Question

A proton is accelerated through a potential difference of 250V. It then enters a uniform magnetic field and moves in a circular path of radius 10.0cm. What is the magnitude of the magnetic field?

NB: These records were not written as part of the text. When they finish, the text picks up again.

(* Let $G$ be a countably infinite locally finite group. For every nondecreasing function $f\colon\mathbb{R}_+\to\mathbb{R}_+$ with $\lim_{x\to\infty}f(x)=\infty$ there exists a proper left invariant metric $d_G$ on $G$ such that $f$ is not a $0$-dimensional control function of $(G,d_G)$.
   Context: A group is locally finite if every finitely generated subgroup is finite. A metric $d_G$ on $G$ is proper left invariant if $d_G(gh,gk)=d_G(h,k)$ for all $g,h,k$ and every ball contains finitely many elements. For $s>0$, an $s$-scale chain is a finite sequence $x_0,\dots,x_m$ with $d(x_i,x_{i+1})<s$; the $s$-scale connected components of $X$ are the classes of the relation ''joined by an $s$-scale chain''. A function $f$ is a $0$-dimensional control function of $(X,d)$ if for every $s>0$ every $s$-scale connected component of $X$ has diameter at most $f(s)$. *)

From Stdlib Require Import Reals List.
Open Scope R_scope.

Record Group := {
  carrier :> Type;
  gmul : carrier -> carrier -> carrier;
  gone : carrier;
  ginv : carrier -> carrier;
  gmul_assoc : forall a b c, gmul a (gmul b c) = gmul (gmul a b) c;
  gmul_1l : forall a, gmul gone a = a;
  gmul_1r : forall a, gmul a gone = a;
  gmul_Vl : forall a, gmul (ginv a) a = gone;
  gmul_Vr : forall a, gmul a (ginv a) = gone
}.

Definition finite_set {T : Type} (P : T -> Prop) : Prop :=
  exists l : list T, forall x, P x -> In x l.
(* Let $k\ge s\ge r\ge 1$ be fixed integers and let $H$ be a fixed $s$-uniform hypergraph with $k$ vertices and $m\ge 1$ edges. Then for every strategy $\mathcal S$ and every $t=t(n)=o\!\left(n^{\,r-(k-s+r)/m}\right)$, a.a.s. $G^{(r,s)}_t$ does not contain a copy of $H$. Consequently $\tau^{(r)}(H)\ge n^{\,r-(k-s+r)/m}$.
   Context: Semi-random hypergraph process: fix integers $1\le r\le s$ and $n\ge s$. Start with the empty $s$-uniform multi-hypergraph $G_0^{(r,s)}$ on vertex set $[n]=\{1,\dots,n\}$. In each step $t\ge1$, a set $U_t$ of $r$ vertices is chosen uniformly at random among all $r$-subsets of $[n]$, independently of all previous choices; the player then chooses a set $V_t$ of $s-r$ vertices of $[n]\setminus U_t$ (when $r=s$, $V_t=\emptyset$), and the edge $U_t\cup V_t$ is added to $G^{(r,s)}_{t-1}$ to form $G^{(r,s)}_t$ (parallel edges are allowed). A strategy is, for each $n$, a sequence of functions $(f_t)_{t\ge1}$ with $V_t=f_t(U_1,V_1,\dots,U_{t-1},V_{t-1},U_t)$. An event holds a.a.s. if its probability tends to $1$ as $n\to\infty$; $a_n\gg b_n$ means $b_n=o(a_n)$. ''$G_t^{(r,s)}$ contains $H$'' means $G_t^{(r,s)}$ has a sub-hypergraph isomorphic to $H$. For a function $f(n)$: ''$\tau^{(r)}(H)\le f$'' means there is a strategy such that for every $t=t(n)\gg f(n)$, a.a.s. $G^{(r,s)}_t$ contains $H$; ''$\tau^{(r)}(H)\ge f$'' means for every strategy and every $t=t(n)=o(f(n))$, a.a.s. $G^{(r,s)}_t$ does not contain $H$; ''$\tau^{(r)}(H)=f$'' means both hold. *)

From Stdlib Require Import Reals.
From mathcomp Require Import all_boot.
Set Implicit Arguments. Unset Strict Implicit. Unset Printing Implicit Defensive.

What is the period of revolution for the circling proton?

Answer 1

Answer: a) 7.52 ×10^-4 T, b) 4.72×10^-7s

Explanation: by using the work energy thereom, the work done on the electron by the voltage source (potential) equals the kinetic energy.

qV =mv^2/2

Where q = magnitude of electronic charge = 1.609×10^-19 c

V = potential difference = 250v

m = mass of an electronic charge = 9.11×10^-31 kg

v = velocity of electron =?

By substituting the parameters, we have that

1.609×10^-19 × 250 = 9.11×10^-31 × v^2/2

1.609×10^-19 × 250 ×2 = 9.11×10^-31 ×v^2

v^2 = 1.609×10^-19 × 250 ×2/ 9.11×10^-31

v^2 = 8.05×10^-17/ 9.11×10^-31

v^2 = 1.77×10^14

v = √1.77×10^14

v = 1.33×10^7 m/s

The centripetal force required for the motion of the electron is gotten from the magnetic force on the electron.

qvB = mv^2/r

By cancelling "v" on both sides of the equation, we have that

qB = mv/r

Where r = radius = 10cm = 0.1m

1.609×10^-19 × B = 9.11 ×10^-31 ×1.33×10^7/ 0.1

B = (9.11 ×10^-31 × ×1.33×10^7)/ (0.1 ×1.609×10^-19)

B = 1.21×10^-23/ 1.609×10^-20

B = 0.752×10^-3

B = 7.52 ×10^-4 T

To get the period of motion, we recall that

v = ωr

Where ω = angular frequency

1.33×10^7 = ω×0.1

ω = 1.33×10^7/ 0.1

ω = 13.3×10^7

ω = 1.33×10^6 rad/s

But the period (T) of a periodic motion is defined as

T = 2π/ω

T = 2 × 3.142 / 1.33×10^6

T = 4.72×10^-7s

Answer 2

Answer:

B = 0.0228T

T= 2.87×10-⁶s

Explanation:

Given V = 250V, R = 10cm = 0.1m

q = 1.6×10-¹⁹C, m = 1.67×10-²⁷kg

From the work energy theorem the electric energy of the field = kinetic energy of the proton.

qV = 1/2×mv²

v = √(2qV/m) = √(2×1.6×10-¹⁹×250/(1.67×10-²⁷))

v = 218870m/s

The magnetic force on the proton by newton's 2nd law of motion is related as

qvB = ma = m× v²/R

Rearranging

B = mv/qR = 1.67×10-²⁷ × 218870/(1.6×10-¹⁹ × 0.1) = 0.0228T

T = 2π/ω = 2πR/v = 2π×0.1/218870 = 2.87×10-⁶ = 2.87μs.